To be honest, I really didn’t like Dave (sorry). He was kind of weird, very messed up and was pretending to be something he was not. He put a mask on his face to hide who he really was. Very often in the book he is pretending to be “Crazy Drama Dave” or “Gay Dave” etc, and all the time I just wanted to yell at him that he just needed to be Dave, nothing more. Dave is probably a great person, you don’t have to pretend! He also, at the age of 13 and later, really interested in sex. Which seemed really odd to me, but maybe that’s just because I’m so different from him. I couldn’t connect to Dave at all.
It was like a secret pact had been made by society, in someplace far away, that said, ‘This is what beautiful men look like, and this is how men behave.’ And because of this, I had always felt like I wasn’t beautiful, and I wasn’t behaving as a real man should.
Dave deals with anxiety, depression, suicidal thoughts, sexuality, loneliness, heartbreaks, and more teenage angst. These topics are all so important, but it made me feel so bad. Especially when he was talking about other people who cut themselves. I just wanted to step into the book and hug those people. I couldn’t stand them feeling this way and realizing that it all happened for real, didn’t make it much better.
Sometimes, unhappiness is near impossible to avoid. Bad things happen. And it’s important to be sad. It doesn’t make you weak.
This book isn’t a happy story of overcoming depression, it is bad, it is horrible and it is sad.
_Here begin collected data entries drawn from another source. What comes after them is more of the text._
(* Let $k$ be a field and $\mathcal{R}=\mathrm{RCFM}(k)$. For every finitely presented right $\mathcal{R}$-module $\mathcal{M}$ one has $\operatorname{Ext}^1_{\mathcal{R}}(\mathcal{M},\mathcal{C}^{\oplus d})=0$ for all $d\in\mathbb{N}_0$ and $\operatorname{Ext}^1_{\mathcal{R}}(\mathcal{M},\mathcal{C}_\infty)=0$.
   Context: $\mathcal{R}=\mathrm{RCFM}(k)$ is the $k$-algebra of $\mathbb{N}_0\times\mathbb{N}_0$ row-column-finite matrices. $\mathsf{A}$: $\mathsf{a}_{i+1,i}=1$ ($i\in\mathbb{N}_0$), other entries $0$; $\mathsf{B}$: $\mathsf{b}_{\frac{n(n+1)}{2}+i,\frac{(n-1)n}{2}+i}=1$ ($n>0$, $0\le i<n$), other entries $0$. $\mathcal{C}=\mathcal{R}/(\mathsf{I}-\mathsf{A}^t)\mathcal{R}$, $\mathcal{C}_\infty=\mathcal{R}/(\mathsf{I}-\mathsf{B}^t)\mathcal{R}$. *)

From HB Require Import structures.
From mathcomp Require Import all_boot all_order all_algebra.
From Stdlib Require Import ClassicalEpsilon.
Set Implicit Arguments. Unset Strict Implicit. Unset Printing Implicit Defensive.
Import GRing.Theory.
Local Open Scope ring_scope.

Definition mx (k : fieldType) := nat -> nat -> k.

Section RCFM.
Variable k : fieldType.

Definition row_finite (X : mx k) :=
  forall i, exists b : nat, forall j, (b <= j)%N -> X i j = 0.
Definition col_finite (X : mx k) :=
  forall j, exists b : nat, forall i, (b <= i)%N -> X i j = 0.
Definition rcfm (X : mx k) := row_finite X /\ col_finite X.

(* a bound for the support of row i (meaningful when X is row-finite) *)
Definition rbound (X : mx k) (i : nat) : nat :=
  epsilon (inhabits 0%N) (fun b => forall j, (b <= j)%N -> X i j = 0).

Definition mxmul (X Y : mx k) : mx k :=
  fun i j => \sum_(l < rbound X i) X i l * Y l j.
Definition mxsub (X Y : mx k) : mx k := fun i j => X i j - Y i j.
Definition mxid : mx k := fun i j => if i == j then 1 else 0.
Definition mxtr (X : mx k) : mx k := fun i j => X j i.
Definition mxsum (m : nat) (F : 'I_m -> mx k) : mx k :=
  fun i j => \sum_(t < m) F t i j.
Definition mxeq (X Y : mx k) := forall i j, X i j = Y i j.

Definition matA : mx k := fun i j => if i == j.+1 then 1 else 0.
(* B : b_{n(n+1)/2 + i, (n-1)n/2 + i} = 1 for n > 0, 0 <= i < n *)
Definition matB : mx k := fun r c =>
  if has (fun n => has (fun i => (r == (n * n.+1) %/ 2 + i)%N &&
                                 (c == (n.-1 * n) %/ 2 + i)%N) (iota 0 n))
         (iota 1 r)
  then 1 else 0.

Definition in_ideal (T X : mx k) :=
  exists Z, rcfm Z /\ mxeq X (mxmul (mxsub mxid T) Z).

(* Elements of (R/(I-T)R)^{(+)d} are represented by d-tuples of elements of R;
   v is zero in the module iff every coordinate lies in (I - T)R. *)
Definition zero_in_quot (T : mx k) (d : nat) (v : 'I_d -> mx k) :=
  forall t, in_ideal T (v t).

(* Let M = coker (R^m --P--> R^n) be the finitely presented right R-module
   presented by the n x m matrix P over R (acting on columns by left
   multiplication).  With a free resolution  ... -> P2 -> R^m -> R^n -> M -> 0
   where P2 maps onto ker P, Hom_R(R^m, N) = N^m and Ext^1(M, N) is the
   cohomology  { 1-cocycles } / { 1-coboundaries }  of Hom_R(-, N).
   [ext1_zero P T d] says Ext^1_R(M, (R/(I-T)R)^{(+)d}) = 0: every cocycle
   (nu_j)_{j<m} in N^m (i.e. sum_j nu_j r_j = 0 whenever P r = 0) is a
   coboundary (nu_j = sum_i y_i P_ij for some (y_i) in N^n). *)
Definition ext1_zero (n m : nat) (P : 'I_n -> 'I_m -> mx k) (T : mx k) (d : nat) :=
  forall nu : 'I_m -> 'I_d -> mx k,
    (forall j t, rcfm (nu j t)) ->
    (forall r : 'I_m -> mx k,
        (forall j, rcfm (r j)) ->
        (forall i, mxeq (mxsum (fun j => mxmul (P i j) (r j))) (fun _ _ => 0)) ->
        zero_in_quot T (fun t => mxsum (fun j => mxmul (nu j t) (r j)))) ->
    exists y : 'I_n -> 'I_d -> mx k,
      (forall i t, rcfm (y i t)) /\
      forall j, zero_in_quot T
        (fun t => mxsub (nu j t) (mxsum (fun i => mxmul (y i t) (P i j)))).

End RCFM.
Sometimes after rain, the sun doesn’t shine. I really admire David Burton, because he wrote a book about his life and it is so honest. The writing style is simple, effective but not really outstanding. However it felt like it was David talking to you, and therefore not really as a fictional book, which has his pros and his cons.
I am giving this book ★★☆ (2.5 out of 5 stars), and I have a hard time deciding on this rating. The book was brutally honest, but also depressing. I didn’t really like any of the characters a lot, but on the other hand the topics discussed are really important. I have learned a lot about a lot of this while reading this book, and if you are interested in reading a story from someone who has gone through all these things, I would definitely recommend this book.
If you are dealing with any of these issues (depression, etc), please get help or talk to someone, even if it is a stranger on the internet. You can always contact me. Don’t give up the fight, life will get better.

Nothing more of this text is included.